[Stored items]

Lemma exists_labelling (T : finType) m (mu : T -> nat) :
  \sum_t mu t = m -> exists g : 'I_m -> T, forall t, fcount g t = mu t.
Proof.
elim: m mu => [|m IH] mu mu_sum.
  have g0 : 'I_0 -> T by case=> k; rewrite ltn0.
  exists g0 => t; rewrite /fcount big_ord0; apply/esym/eqP.
  by move/eqP: mu_sum; rewrite sum_nat_eq0 => /forallP /(_ t).
have [t0 mu_t0|mu0] := pickP (fun t => 0 < mu t); last first.
  by move: mu_sum; rewrite big1 // => t _; apply/eqP; rewrite -leqn0 leqNgt mu0.
have [|g g_mu] := IH (fun t => mu t - (t0 == t)).
  rewrite sumnB => [|t _]; last by case: eqP => // <-.
  by rewrite mu_sum (sum_eq_pred xpredT) subn1.
exists (ffcons t0 g) => t; rewrite fcount_ffcons g_mu subnKC //.
by case: eqP => // <-.
Qed.

Lemma fcount_sum (T : finType) m (f : 'I_m -> T) : \sum_t fcount f t = m.
Proof.
rewrite /fcount exchange_big /= -[RHS]card_ord -sum1_card.
by apply: eq_bigr => k _; exact: (sum_eq_pred xpredT).
Qed.

Lemma prod_fcount (R : comPzRingType) (T : finType) m (f : 'I_m -> T) (F : T -> R) :
  (\prod_k F (f k) = \prod_t F t ^+ fcount f t)%R.
Proof.
rewrite (partition_big f predT) //=; apply: eq_bigr => t _.
by rewrite (eq_bigr (fun _ => F t)) => [|k /eqP ->//]; rewrite prodr_const fcount_card.
Qed.

Lemma sum_ffun_comp_inj (V : nmodType) (I J : finType) (s : I -> J) m
    (F : {ffun 'I_m -> J} -> V) :
  injective s ->
  (\sum_(f : {ffun 'I_m -> I}) F [ffun k => s (f k)] =
   \sum_(H : {ffun 'I_m -> J} | [forall k, H k \in codom s]) F H)%R.
Proof.
move=> s_inj.
rewrite (partition_big (fun f : {ffun 'I_m -> I} => [ffun k => s (f k)])
   (fun H : {ffun 'I_m -> J} => [forall k, H k \in codom s])) => [|f _]; last first.
  by apply/forallP => k; rewrite ffunE codom_f.
apply: eq_bigr => H /forallP H_s.
pose f0 := [ffun k => iinv (H_s k)].
have sf0 : [ffun k => s (f0 k)] = H by apply/ffunP => k; rewrite !ffunE f_iinv.
rewrite (big_pred1 f0) ?sf0 // => f /=; rewrite -sf0.
apply/eqP/eqP => [sf|->] //; apply/ffunP => k; apply: s_inj.
by have := congr1 (fun g : {ffun 'I_m -> J} => g k) sf; rewrite !ffunE.
Qed.

Lemma sum_ffun_pair (V : nmodType) (I J : finType) m
    (T : {ffun 'I_m -> I} -> {ffun 'I_m -> J} -> V) :
  (\sum_(F : {ffun 'I_m -> I}) \sum_(G : {ffun 'I_m -> J}) T F G =
   \sum_(H : {ffun 'I_m -> I * J}) T [ffun k => (H k).1] [ffun k => (H k).2])%R.
Proof.
rewrite pair_bigA /= (reindex (fun H : {ffun 'I_m -> I * J} =>
   ([ffun k => (H k).1], [ffun k => (H k).2]))) //=.
exists (fun FG : {ffun 'I_m -> I} * {ffun 'I_m -> J} => [ffun k => (FG.1 k, FG.2 k)]).
  by move=> H _; apply/ffunP => k; rewrite !ffunE -surjective_pairing.
by move=> [F G] _; congr (_, _); apply/ffunP => k; rewrite !ffunE.
Qed.

Lemma prod_if (R : comPzRingType) (T : finType) (c : pred T) (v : T -> R) :
  (\prod_t (if c t then v t else 0) = if [forall t, c t] then \prod_t v t else 0)%R.
Proof.
case: ifP => [/forallP c_all|/negbT]; first by apply: eq_bigr => t _; rewrite c_all.
by rewrite negb_forall => /existsP [t /negbTE ct]; rewrite (bigD1 t) //= ct mul0r.
Qed.

Lemma sum_if_eq (V : nmodType) (T : finType) (C : pred T) (t0 : T) (v : V) :
  (\sum_(t | C t) (if t == t0 then v else 0) = if C t0 then v else 0)%R.
Proof.
rewrite -big_mkcondr /=; case: ifP => C_t0.
  by rewrite (big_pred1 t0) // => t /=; case: eqP => [->|]; rewrite ?C_t0 ?andbF.
by rewrite big_pred0 // => t /=; case: eqP => [->|]; rewrite ?C_t0 ?andbF.
Qed.

Lemma sum_option (V : nmodType) (I : finType) (F : option I -> V) :
  (\sum_o F o = F None + \sum_i F (Some i))%R.
Proof.
rewrite (bigD1 None) //=; congr (_ + _)%R.
rewrite -[RHS](big_imset _ (h := Some) (A := predT)) => [|i j _ _ [] //].
apply: eq_bigl => -[i|] /=; first by rewrite imset_f.
by apply/esym/imsetP => -[].
Qed.

(** * Relabelling passage occurrences *)

Lemma codom_Some (I : finType) (o : option I) : (o \in codom Some) = (o != None).
Proof. by apply/codomP/idP => [[o' ->] //|]; case: o => // o _; exists o. Qed.

Lemma codom_omap_Some (I : finType) (o : option (option I)) :
  (o \in codom (omap Some)) = (o != Some None).
Proof.
apply/codomP/idP => [[o' ->]|]; first by case: o'.
by case: o => [[i|]|] // _; [exists (Some i) | exists None].
Qed.

Local Notation occ P := (tnth (in_tuple P)).

Definition relabel (T I J : Type) (e : I -> T) (e' : J -> T) :=
  exists2 s : I -> J, bijective s & forall i, e' (s i) = e i.

Definition oext (T I : Type) (q : T) (e : I -> T) (o : option I) : T :=
  if o is Some i then e i else q.

Lemma relabel_trans (T I J K : Type) (e1 : I -> T) (e2 : J -> T) (e3 : K -> T) :
  relabel e1 e2 -> relabel e2 e3 -> relabel e1 e3.
Proof.
case=> s1 s1_bij e21 [s2 s2_bij e32].
by exists (s2 \o s1) => [|i]; [exact: bij_comp | rewrite /= e32 e21].
Qed.

Lemma relabel_oext (T I J : Type) (q : T) (e : I -> T) (e' : J -> T) :
  relabel e e' -> relabel (oext q e) (oext q e').
Proof.
case=> s [s' ss' s's] e's; exists (omap s) => [|[i|] //=].
by exists (omap s') => -[i|] //=; rewrite ?ss' ?s's.
Qed.

Lemma relabel_cons (T : Type) (q : T) (P : seq T) :
  relabel (oext q (occ P)) (occ (q :: P)).
Proof.
exists (fun o => if o is Some i then lift ord0 i else ord0) => [|[i|] /=].
- exists (unlift ord0) => [[i|]|k]; rewrite ?liftK ?unlift_none //.
  by case: unliftP.
- by rewrite !(tnth_nth q).
- by rewrite (tnth_nth q).
Qed.

Lemma relabel_perm (T : eqType) (P P' : seq T) : perm_eq P P' -> relabel (occ P) (occ P').
Proof.
move=> pP; have /tuple_permP [p P'E] : perm_eq P' (in_tuple P) by rewrite perm_sym.
have size_eq : size P = size P' by rewrite P'E size_tuple.
exists (fun i => cast_ord size_eq ((p^-1)%g i)) => [|i].
  by apply: inj_card_bij => [i j /cast_ord_inj /perm_inj //|]; rewrite !card_ord size_eq.
rewrite (tnth_nth (occ P i)) /= P'E -tnth_nth tnth_mktuple.
by rewrite permKV.
Qed.

Lemma relabel_enum (T : Type) (I : finType) (A : {pred I}) (f : I -> T) :
  relabel (fun j : 'I_#|A| => f (enum_val j)) (occ [seq f i | i <- enum A]).
Proof.
have size_eq : #|A| = size [seq f i | i <- enum A] by rewrite size_map cardE.
exists (cast_ord size_eq) => [|j]; first exact: Bijective (cast_ordK _) (cast_ordKV _).
by rewrite (tnth_nth (f (enum_val j))) /= (nth_map (enum_val j)) -?cardE // -enum_val_nth.
Qed.

(** * The labelled form of A_n *)

Section Labelled.
Variables (R : comPzRingType) (n : nat).

Definition Alab (X Y I : finType) (e : I -> passage R X Y) (g : 'I_n -> X * Y) : R :=
  (\sum_(f : {ffun 'I_n -> I} | [forall k, (e (f k)).1 == g k] && [forall i, exists k, f k == i])
     \prod_k (e (f k)).2)%R.

Lemma multation_sum (X Y : finType) (mu : multation n X Y) : \sum_xy (val mu xy : nat) = n.
Proof. by case/and3P: (valP mu) => /eqP. Qed.

Lemma An_Alab (X Y : finType) (P : seq (passage R X Y)) (mu : multation n X Y)
    (g : 'I_n -> X * Y) :
  (forall xy, fcount g xy = val mu xy) -> An n P mu = Alab (occ P) g.
Proof.
move=> g_mu; pose pi i := (occ P i).1.
pose G (K : {ffun 'I_(size P) -> 'I_n.+1}) :=
  (if [forall i, 0 < K i]%N then \prod_i (occ P i).2 ^+ K i else 0)%R.
have -> : Alab (occ P) g =
          (\sum_(f : {ffun 'I_n -> 'I_(size P)} | [forall k, pi (f k) == g k]) G (mset_of f))%R.
  rewrite /Alab big_mkcondr /= big_mkcond [RHS]big_mkcond /=; apply: eq_bigr => f _ /=.
  case: ifP => // _; rewrite /G.
  have -> : [forall i, 0 < mset_of f i]%N = [forall i, exists k, f k == i].
    by apply: eq_forallb => i; rewrite mset_ofE fcount_gt0.
  case: ifP => // _; rewrite (prod_fcount f (fun i => (occ P i).2)).
  by apply: eq_bigr => i _; rewrite mset_ofE.
rewrite sum_lifts_mset ffunE big_mkcond [RHS]big_mkcond /=; apply: eq_bigr => d _.
have -> : agrees (dmult d) mu = [forall xy, (\sum_(i | pi i == xy) d i)%N == fcount g xy].
  by apply: eq_forallb => xy; rewrite g_mu.
case d_g: [forall xy, _]; last by rewrite !andbF.
have -> : (\sum_i (d i : nat) == n)%N.
  apply/eqP; rewrite -[RHS](fcount_sum g) (partition_big pi predT) //=.
  by apply: eq_bigr => xy _; apply/eqP; move/forallP: d_g.
rewrite /G andbT; case: [forall i, _]; last by rewrite mul0rn.
by rewrite mulr_natr.
Qed.

Lemma Alab_relabel (X Y I J : finType) (e : I -> passage R X Y) (e' : J -> passage R X Y)
    (g : 'I_n -> X * Y) :
  relabel e e' -> Alab e' g = Alab e g.
Proof.
case=> s s_bij e's; have s_inj := bij_inj s_bij.
have s_onto j : j \in codom s by case: s_bij => s' _ ss'; rewrite -[j]ss' codom_f.
pose F (H : {ffun 'I_n -> J}) := (if [forall k, (e' (H k)).1 == g k] &&
   [forall j, exists k, H k == j] then \prod_k (e' (H k)).2 else 0)%R.
transitivity (\sum_(f : {ffun 'I_n -> I}) F [ffun k => s (f k)])%R.
  rewrite sum_ffun_comp_inj // /Alab big_mkcond [RHS]big_mkcond /=.
  apply: eq_bigr => H _; have -> // : [forall k, H k \in codom s].
  by apply/forallP => k; exact: s_onto.
rewrite /Alab [RHS]big_mkcond /=; apply: eq_bigr => f _; rewrite /F.
have -> : [forall k, (e' ([ffun k => s (f k)] k)).1 == g k] = [forall k, (e (f k)).1 == g k].
  by apply: eq_forallb => k; rewrite ffunE e's.
have -> : [forall j, exists k, [ffun k => s (f k)] k == j] = [forall i, exists k, f k == i].
  apply/forallP/forallP => f_onto i.
    have/existsP [k /eqP fk] := f_onto (s i); apply/existsP; exists k.
    by rewrite ffunE in fk; rewrite (s_inj _ _ fk).
  have/codomP [i0 ->] := s_onto i; have/existsP [k /eqP fk] := f_onto i0.
  by apply/existsP; exists k; rewrite ffunE fk.
by case: ifP => // _; apply: eq_bigr => k _; rewrite ffunE e's.
Qed.

Lemma Alab_mul (X Y X' Y' I J : finType)
    (e : I -> passage R X Y) (e' : J -> passage R X' Y') g g' :
  (Alab e g * Alab e' g' =
   \sum_(H : {ffun 'I_n -> I * J})
     if ([forall k, (e (H k).1).1 == g k] && [forall i, exists k, (H k).1 == i]) &&
        ([forall k, (e' (H k).2).1 == g' k] && [forall j, exists k, (H k).2 == j])
     then \prod_k (e (H k).1).2 * \prod_k (e' (H k).2).2 else 0)%R.
Proof.
pose T (F : {ffun 'I_n -> I}) (G : {ffun 'I_n -> J}) :=
  (if ([forall k, (e (F k)).1 == g k] && [forall i, exists k, F k == i]) &&
      ([forall k, (e' (G k)).1 == g' k] && [forall j, exists k, G k == j])
   then \prod_k (e (F k)).2 * \prod_k (e' (G k)).2 else 0)%R.
transitivity (\sum_F \sum_G T F G)%R.
  rewrite /Alab big_distrl big_mkcond [RHS]big_mkcond /=; apply: eq_bigr => F _.
  rewrite /T; case: ifP => _ /=; last by rewrite big1.
  by rewrite big_distrr big_mkcond [RHS]big_mkcond /=; apply: eq_bigr.
rewrite sum_ffun_pair; apply: eq_bigr => H _; rewrite /T.
congr (if (_ && _) && (_ && _) then _ * _ else _)%R;
  do ?[apply: eq_forallb => i]; do ?[apply: eq_existsb => k]; do ?[apply: eq_bigr => k _];
  by rewrite ffunE.
Qed.

End Labelled.

Section LabelSplitting.
Variables (R : comPzRingType) (n : nat) (X Y I : finType).
Variables (e : I -> passage R X Y) (x : X) (y : Y) (a b : R) (g : 'I_n -> X * Y).
Local Open Scope ring_scope.

(* The passage labelled [a + b] is doubled: [None] is its [a]-copy, [Some None] its [b]-copy. *)
Local Notation eab := (oext (x, y, a) (oext (x, y, b) e)).
Local Notation Fun := {ffun 'I_n -> option (option I)}.

Definition split_over (f : Fun) := [forall k, (eab (f k)).1 == g k].
Definition split_covers (f : Fun) := [forall i, exists k, obind id (f k) == i].
Definition split_term (f : Fun) :=
  if split_over f && split_covers f then \prod_k (eab (f k)).2 else 0.

Lemma eab_fst c o : (eab o).1 = (oext (x, y, c) e (obind id o)).1.
Proof. by case: o => [[i|]|]. Qed.

Lemma Alab_add_expand : Alab (oext (x, y, a + b) e) g = \sum_(f : Fun) split_term f.
Proof.
have label_add i : (oext (x, y, a + b) e i).2 =
    (\sum_o (if obind id o == i then (eab o).2 else 0))%R.
  rewrite !sum_option /=; case: i => [i|] /=.
    by rewrite !add0r -big_mkcond (big_pred1 i).
  by rewrite big1_eq addr0.
rewrite /Alab.
transitivity (\sum_(f : {ffun 'I_n -> option I} |
     [forall k, (oext (x, y, a + b) e (f k)).1 == g k] && [forall i, exists k, f k == i])
   \sum_(f2 : Fun) (if f == [ffun k => obind id (f2 k)] then \prod_k (eab (f2 k)).2 else 0)).
  apply: eq_bigr => f _; rewrite (eq_bigr _ (fun k _ => label_add (f k))) bigA_distr_bigA /=.
  apply: eq_bigr => f2 _; rewrite prod_if; congr (if _ then _ else _).
  apply/forallP/eqP => [f2f|-> k]; last by rewrite ffunE.
  by apply/ffunP => k; rewrite ffunE (eqP (f2f k)).
rewrite exchange_big /=; apply: eq_bigr => f2 _; rewrite sum_if_eq /split_term.
congr (if _ && _ then _ else _).
  by apply: eq_forallb => k; rewrite ffunE (eab_fst (a + b)).
by apply: eq_forallb => i; apply: eq_existsb => k; rewrite ffunE.
Qed.

Lemma Alab_restrict (q : passage R X Y) (s : option I -> option (option I)) :
  injective s -> (forall o, eab (s o) = oext q e o) -> (forall o, obind id (s o) = o) ->
  Alab (oext q e) g = \sum_(f : Fun | [forall k, f k \in codom s]) split_term f.
Proof.
move=> s_inj eab_s s_K; rewrite -sum_ffun_comp_inj // /Alab big_mkcond /=.
apply: eq_bigr => f _; rewrite /split_term /split_over /split_covers.
congr (if _ && _ then _ else _).
- by apply: eq_forallb => k; rewrite ffunE eab_s.
- by apply: eq_forallb => i; apply: eq_existsb => k; rewrite ffunE s_K.
- by apply: eq_bigr => k _; rewrite ffunE eab_s.
Qed.

(* A map covering the doubled passage misses the [b]-copy, misses the [a]-copy, or hits both. *)
Lemma split_term_cases (f : Fun) :
  split_term f =
  (if [forall k, f k != Some None] then split_term f else 0) +
  (if [forall k, f k != None] then split_term f else 0) +
  (if split_over f && [forall o, exists k, f k == o] then \prod_k (eab (f k)).2 else 0).
Proof.
set hitA := [exists k, f k == None]; set hitB := [exists k, f k == Some None].
have onto_split : [forall o, exists k, f k == o] = [&& split_covers f, hitA & hitB].
  apply/idP/idP => [/forallP f_onto|/and3P [/forallP f_cov hA hB]].
    apply/and3P; split; [apply/forallP => o | exact: f_onto None | exact: f_onto (Some None)].
    by have/existsP [k /eqP fk] := f_onto (Some o); apply/existsP; exists k; rewrite fk.
  apply/forallP => -[[i|]|] //; have/existsP [k /eqP fk] := f_cov (Some i).
  by apply/existsP; exists k; case: (f k) fk => [[]|] //= ? ->.
have cov_hit : split_covers f -> hitA || hitB.
  move/forallP/(_ None)/existsP => [k]; case fk: (f k) => [[i|]|] //= _.
    by apply/orP; right; apply/existsP; exists k; rewrite fk.
  by apply/orP; left; apply/existsP; exists k; rewrite fk.
rewrite onto_split -!negb_exists -/hitA -/hitB /split_term /split_over.
case: [forall k, _] => /=; last by rewrite !if_same !addr0.
case: (boolP (split_covers f)) => /= [/cov_hit|]; last by rewrite !if_same !addr0.
by clear onto_split cov_hit; case: hitA; case: hitB; rewrite /= ?addr0 ?add0r.
Qed.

Your assignment »
Show the lines of the data that hold the word "obind".

Output of the exercise »
Definition split_covers (f : Fun) := [forall i, exists k, obind id (f k) == i].
Lemma eab_fst c o : (eab o).1 = (oext (x, y, c) e (obind id o)).1.
    (\sum_o (if obind id o == i then (eab o).2 else 0))%R.
   \sum_(f2 : Fun) (if f == [ffun k => obind id (f2 k)] then \prod_k (eab (f2 k)).2 else 0)).
  injective s -> (forall o, eab (s o) = oext q e o) -> (forall o, obind id (s o) = o) ->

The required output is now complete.